The tea leaf appearance dataset constructed in this study encompasses a wide range of leaf conditions, with the goal of enhancing the model’s ability to identify the diverse visual traits of tea leaves. The data preparation procedure is presented in Figure 5. To ensure clean backgrounds and prominent subjects, tea leaves are uniformly arranged on white paper and photographed under controlled conditions. All images are captured using the main camera of an Apple iPhone 14 Pro Max, which has a resolution of 48 megapixels, with the original image resolution set to 4032 × 3024 pixels. During preprocessing, each image was cropped and resized to 640 × 640 pixels to better preserve fine leaf details. A strict screening procedure was applied to eliminate blurred, distorted, or otherwise inappropriate images, ensuring the dataset’s integrity and reliability.

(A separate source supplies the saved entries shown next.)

Lemma sigma_min_ge0 S : 0 <= sigma_min B S.
Proof.
rewrite /sigma_min; set E := (X in inf X).
have [->|/set0P nE] := eqVneq E set0; first by rewrite inf0.
by apply: lb_le_inf nE _ => _ [x _ <-]; apply: sqnorm_ge0.
Qed.

Lemma sigma_min_gt0_card S : 0 < sigma_min B S -> (0 < #|S|)%N.
Proof.
rewrite lt0n; apply: contraTneq => S0.
rewrite /sigma_min (_ : image _ _ = set0) ?inf0 ?ltxx //.
apply/seteqP; split => // _ [x /= x1 _]; move: x1.
rewrite /sqnorm big1 => [/esym/eqP|i _]; first by rewrite oner_eq0.
by move: (ltn_ord i); rewrite {2}S0.
Qed.

Lemma sigma_min_le S (x : 'cV[R]_#|S|) :
  sigma_min B S * sqnorm x <= sqnorm (normalized_cols B S *m x).
Proof.
have [->|xn0] := eqVneq (sqnorm x) 0; first by rewrite mulr0 sqnorm_ge0.
have x_gt0 : 0 < sqnorm x by rewrite lt_def xn0 sqnorm_ge0.
pose q := Num.sqrt (sqnorm x).
have q2 : q ^+ 2 = sqnorm x by rewrite sqr_sqrtr // ltW.
have q2V : sqnorm (q^-1 *: x) = 1 by rewrite sqnormZ exprVn q2 mulVf.
have : sigma_min B S <= sqnorm (normalized_cols B S *m (q^-1 *: x)).
  apply: ge_inf; first by exists 0 => _ [y _ <-]; apply: sqnorm_ge0.
  by exists (q^-1 *: x).
by rewrite -scalemxAr sqnormZ exprVn q2 (ler_pdivlMl _ _ x_gt0) mulrC.
Qed.

Lemma sigma_min_sum_le O (c : 'I_nB -> R) :
  sigma_min B O * \sum_(v in O) c v ^+ 2 <=
  sqnorm (\sum_(v in O) (c v / Num.sqrt (sqnorm (col v B))) *: col v B).
Proof.
pose x : 'cV[R]_#|O| := \col_t c (enum_val t).
have -> : \sum_(v in O) c v ^+ 2 = sqnorm x.
  by rewrite (big_enum_val (fun v => c v ^+ 2)); apply: eq_bigr => t _; rewrite mxE.
have -> : \sum_(v in O) (c v / Num.sqrt (sqnorm (col v B))) *: col v B =
          normalized_cols B O *m x.
  apply/matrixP => i j; rewrite (ord1 j) !mxE summxE.
  rewrite (big_enum_val (fun v => ((c v / _) *: col v B) i 0)).
  by apply: eq_bigr => t _; rewrite !mxE; ring.
exact: sigma_min_le.
Qed.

The finalized dataset contains 3313 images, with 2320 allocated for training, 664 for validation, and 329 reserved for testing. Each tea leaf instance within the images is annotated into one of four categories based on appearance characteristics: fine indicates complete, tender leaves with clear edges and uniform color, representing a high-quality appearance; coarse refers to older, rough leaves with damaged or wrinkled edges, indicating a lower visual quality; touching describes leaves that are close to or overlapping each other, resulting in unclear or compressed boundaries; unsure is used when factors such as blur, occlusion, or abnormal lighting prevent an accurate judgment of the appearance. The total number of annotated instances for each category is 9209 (fine), 10,914 (coarse), 66 (touching), and 1530 (unsure).

To mitigate the impact of class imbalance during evaluation and the limitations arising from the relatively small dataset size, several strategies were applied during model training. The training pipeline employed data augmentation strategies, including random flipping and scaling, to increase sample diversity while preserving the key visual characteristics of tea leaves. Meanwhile, the hyperparameters were meticulously adjusted: a smaller learning rate and early stopping were employed to mitigate overfitting, whereas an appropriate batch size combined with multi-scale training contributed to an improved robustness and better generalization across categories. Performance was further assessed using class-wise metrics such as Precision and Recall, ensuring fair and representative measurement for all categories.

2.7. Experimental Environment and Parameter Configuration

Table 1 presents the hardware and software specifications of the computer used for training, together with detailed information about the training environment of the model. The training was conducted with Python version 3.8.19, which was selected on the basis of its compatibility with essential libraries, even though more recent versions of Python were available.

Table 2 summarizes the training parameters adopted in the experimental process.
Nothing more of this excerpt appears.